How to: Immersive Experience training : 5 – Immersive audio

Immersive Audio

.sound is the only one to be experienced 360…as awareness
.not dolby5.1 surround but spacialised sound that allows us pinpoint the source
surround format is 5.1. (also 7.1) That means there are 6 speakers present, with the .1 representing a sixth low frequency speaker.
.spacialised sound — captured as such or manipulated in studio

Audio captured with spatial properties and audio synthesized to obtain spatial properties, there are two further main techniques that are employed in Immersive sound production: binaural and ambisonics.

Stereo audio was panned or placed sonically within what we could visualize as a two-dimensional horizontal plane.

Holophonic sound is another term for spatial audio and has been the next great paradigm shift towards 3d. We pan sounds within a sphere!

third dimension means that height is available, and audio sources can be placed anywhere within the sphere and it is speaker agnostic

Previous audio formats like stereo or surround sounds have been defined by the number of speakers present at playback, 2 and 6 for stereo and surround sound respectively, the 0.1 in 5.1 surround sound is in fact its own dedicated low frequency speaker. Spatial audio formats can be speaker agnostic and scalable meaning the audio can be more freely placed within a spherical representation with great precision and that positioning can remain the same, theoretically, whether there are 16, 22, 36, or infinity number of speakers in the playback system.

7.1 surround

Spacial Dolby Atmos

https://www.darkfield.org/home

AMBISONIC is speaker agnostic WXYZ direction

RODE Ambisonic mic

https://www.gear4music.com/Recording-and-Computers/Rode-NT-SF1-Ambisonic-Microphone/2FP8?origin=product-ads&gclid=Cj0KCQjw16KFBhCgARIsALB0g8LcWAoqzRafZFsRwqO4QT2rPSDxIyBNkh4HyUybsT1pro4LqrU_S40aAmvJEALw_wcB

Ambisonics is a spatial audio format that aims to represent the sound field at any position, or from any perspective in space. When we use the term “sound field” this concept is generally visualised as a full 3-Dimensional sphere with the position of the listener directly in the centre, but it just means the full world of sound surrounding us.
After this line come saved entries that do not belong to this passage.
Lemma sum_pairs_cluster (C : {set 'I_n}) :
  \sum_i \sum_j g i j = \sum_(i in C) \sum_(j in C) g i j
    + 2 * \sum_(i in C) \sum_(j in ~: C) g i j + \sum_(i in ~: C) \sum_(j in ~: C) g i j.
Proof.
rewrite (sum_splitC C); under eq_bigr do rewrite (sum_splitC C).
under [X in _ + X]eq_bigr do rewrite (sum_splitC C).
rewrite !big_split /= [X in _ + (X + _)]exchange_big /=.
under [X in _ + (X + _)]eq_bigr do under eq_bigr do rewrite g_sym.
by rewrite mulr_natl mulr2n !addrA.
Qed.

End PairSums.

Section GTVMin.
Variables (R : realType) (n d : nat) (A : 'I_n -> 'I_n -> R).
Variables (L : 'I_n -> 'rV[R]_d -> R) (alpha : R).
Hypothesis A_graph : weighted_graph A.

Lemma gtv_objective_pairs (w : 'I_n -> 'rV[R]_d) :
  2 * gtv_objective A L alpha w
  = 2 * \sum_i L i (w i) + alpha * \sum_i \sum_j A i j * sqnorm (w i - w j).
Proof.
have [A_sym [A_diag _]] := A_graph.
rewrite /gtv_objective mulrDr mulrCA.
rewrite (sum_pairs_ltn (g := fun i j => A i j * sqnorm (w i - w j))) //.
- by move=> i j; rewrite A_sym sqnormBC.
- by move=> i; rewrite A_diag mul0r.
Qed.

Lemma gtvmin_cluster_variation_le (what : 'I_n -> 'rV[R]_d) (C : {set 'I_n})
    (wbar : 'rV[R]_d) (epsC Rb : R) :
  (forall i v, 0 <= L i v) -> 0 < alpha -> is_gtvmin_solution A L alpha what ->
  \sum_(i in C) L i wbar <= epsC ->
  (forall i, i \notin C -> norm2 (what i) <= Rb) ->
  alpha * \sum_(i in C) \sum_(j in C) A i j * sqnorm (what i - what j)
  <= 2 * (epsC + 2 * alpha * boundary_weight A C * (sqnorm wbar + Rb ^+ 2)).
Proof.
move=> L_ge0 alpha_gt0 what_min L_wbar what_le_Rb.
have [A_sym [_ A_ge0]] := A_graph.
pose w' i := if i \in C then wbar else what i.
pose g (w : 'I_n -> 'rV[R]_d) i j := A i j * sqnorm (w i - w j).
have g_sym w i j : g w i j = g w j i by rewrite /g A_sym sqnormBC.
have := what_min w'; rewrite -(ler_pM2l (_ : 0 < 2)) // !gtv_objective_pairs.
rewrite !(sum_splitC C (fun i => L i _)) !(sum_pairs_cluster (g_sym _) C).
have inC_w' : \sum_(i in C) \sum_(j in C) g w' i j = 0.
  by apply: big1 => i iC; apply: big1 => j jC; rewrite /g /w' iC jC subrr sqnorm0 mulr0.
have outC_w' : \sum_(i in ~: C) \sum_(j in ~: C) g w' i j
    = \sum_(i in ~: C) \sum_(j in ~: C) g what i j.
  by apply: eq_bigr => i; rewrite in_setC => /negPf iC; apply: eq_bigr => j;
    rewrite in_setC => /negPf jC; rewrite /g /w' iC jC.
have L_outC : \sum_(i in ~: C) L i (w' i) = \sum_(i in ~: C) L i (what i).
  by apply: eq_bigr => i; rewrite in_setC /w' => /negPf ->.
have L_inC : \sum_(i in C) L i (w' i) = \sum_(i in C) L i wbar.
  by apply: eq_bigr => i; rewrite /w' => ->.
have bd_w' : \sum_(i in C) \sum_(j in ~: C) g w' i j
    <= boundary_weight A C * (2 * (sqnorm wbar + Rb ^+ 2)).
  rewrite mulr_suml; apply: ler_sum => i iC; rewrite mulr_suml; apply: ler_sum => j.
  rewrite in_setC => jC; rewrite /g /w' iC (negPf jC); apply: ler_wpM2l => //.
  apply: le_trans (sqnormB_le _ _) _.
  by rewrite ler_pM2l // lerD2l sqnorm_le_sqr ?what_le_Rb.
have bd_what : 0 <= \sum_(i in C) \sum_(j in ~: C) g what i j.
  by do 2![apply: sumr_ge0 => ? _]; rewrite mulr_ge0 ?sqnorm_ge0.
have L_ge0C : 0 <= \sum_(i in C) L i (what i) by apply: sumr_ge0.
rewrite inC_w' outC_w' L_outC L_inC.
have := ler_wpM2l (ltW alpha_gt0) bd_w'.
have := mulr_ge0 (ltW alpha_gt0) bd_what.
rewrite /g; set S := sqnorm wbar + Rb ^+ 2; set B := boundary_weight A C.
nra.
Qed.

End GTVMin.

Lemma laplacian_inducedE (R : realType) n (A : 'I_n -> 'I_n -> R) (C : {set 'I_n}) :
  (forall i, A i i = 0) ->
  laplacian_induced A C = laplacian (fun a b : 'I_#|C| => A (enum_val a) (enum_val b)).
Proof.
move=> A_diag; apply/matrixP => a b; rewrite !mxE.
by case: eqP => [->|_]; rewrite ?A_diag ?mulr1n ?mulr0n ?subr0 ?sub0r // big_enum_val.
Qed.

Theorem theorem1 (R : realType) (n d : nat) (A : 'I_n -> 'I_n -> R)
  (L : 'I_n -> 'rV[R]_d -> R) (alpha : R) (what : 'I_n -> 'rV[R]_d)
  (C : {set 'I_n}) (wbar : 'rV[R]_d) (epsC : R) (lam : seq R) (Rb : R) :
  weighted_graph A ->
  (forall i v, 0 <= L i v) ->
  0 < alpha ->
  is_gtvmin_solution A L alpha what ->
  C != set0 ->
  0 <= epsC ->
  \sum_(i in C) L i wbar <= epsC ->
  sorted_eigenvalues (laplacian_induced A C) lam ->
  0 < lam`_1 ->
  0 <= Rb ->
  (forall i, i \notin C -> norm2 (what i) <= Rb) ->
  \sum_(i in C)
      sqnorm (what i - (#|C|%:R)^-1 *: \sum_(i' in C) what i')
  <= (alpha * lam`_1)^-1
     * (epsC + 2 * alpha * boundary_weight A C * (sqnorm wbar + Rb ^+ 2)).
Proof.
move=> A_graph L_ge0 alpha_gt0 what_min C_neq0 _ L_wbar eig lam1_gt0 _ what_le_Rb.
have [A_sym [A_diag _]] := A_graph.
rewrite laplacian_inducedE // in eig.
set mean := _ *: _.
pose x (a : 'I_#|C|) := what (enum_val a) - mean.
have x_sum0 : \sum_a x a = 0.
  have C_gt0 : (0 < #|C|)%N by rewrite card_gt0.
  rewrite sumrB -big_enum_val sumr_const card_ord /mean -scaler_nat scalerA.
  by rewrite mulfV ?pnatr_eq0 -?lt0n // scale1r subrr.
have normE : \sum_(i in C) sqnorm (what i - mean) = \sum_a sqnorm (x a).
  by rewrite big_enum_val.
have tvE : \sum_(i in C) \sum_(j in C) A i j * sqnorm (what i - what j)
    = \sum_a \sum_b A (enum_val a) (enum_val b) * sqnorm (x a - x b).
  rewrite big_enum_val; apply: eq_bigr => a _; rewrite big_enum_val.
  by apply: eq_bigr => b _; rewrite /x opprB addrA subrK.
have gap := laplacian_poincare (fun a b => A_sym _ _) eig lam1_gt0 x_sum0.
have := gtvmin_cluster_variation_le A_graph L_ge0 alpha_gt0 what_min L_wbar what_le_Rb.
rewrite tvE normE ler_pdivlMl ?mulr_gt0 //.
have := ler_wpM2l (ltW alpha_gt0) gap.
lra.
Qed.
Unlike previous surround sound formats, Ambisonics includes height information to recreate true 3D audio. This creates a combination of 4 recorded audio tracks that are described as “A-Format”. This raw audio in A-Format needs to be converted in order to be useful, however, into “B-Format”. Realistically, for the vast majority of immersive experience productions, B-Format is the only type of Ambisonics that will be used.

The four channels in B-Format are defined as WXY and Z and represent the 3-Dimensional axis respectively (XYZ) with W at the centre.

This means that Ambisonics is very well suited to “in person” experiences or those intended for more than one person.

Deep listening exercise …

BINAURAL SOUND – dummy ears microphones

VR Binaural Audio has established itself as the main driving force behind the audio component of immersive experiences.

3Dio Free Space Binaural Microphone

£400

The defining feature of Binaural is that it attempts to replicate how humans hear naturally and to “hijack” our brain’s audio processing. The way that our brain processes the sounds around us is very dependent on the positioning of our ears and the differences between the soundwaves reaching our two separate ear drums. When we hear a sound to our left, the sound wave generated reaches our left ear before it reaches our right. This Interaural Time Delay (ITD) gives our brain some foundational information in order to start determining the position of the sound’s source.

In addition to this, all sound waves deform based on the geometry they encounter on their path towards the ears. This includes, importantly, the geometry of our own bodies. The shape of our ears and our shoulders / head, affects all soundwaves in different ways before they reach the eardrum. Essentially, certain frequencies are deformed by this upper body geometry. This “filtering” of the sound waves by our own body shape is another factor that the brain takes into consideration when figuring out a sound’s origin.

Binaural recording, then, attempts to “trick” the brain, by faking the distance between the ears, and the geometry of our bodies. Put simply, it places two microphones (one for each ear) in such a way that the microphone capsule surface is placed exactly where our eardrums would be.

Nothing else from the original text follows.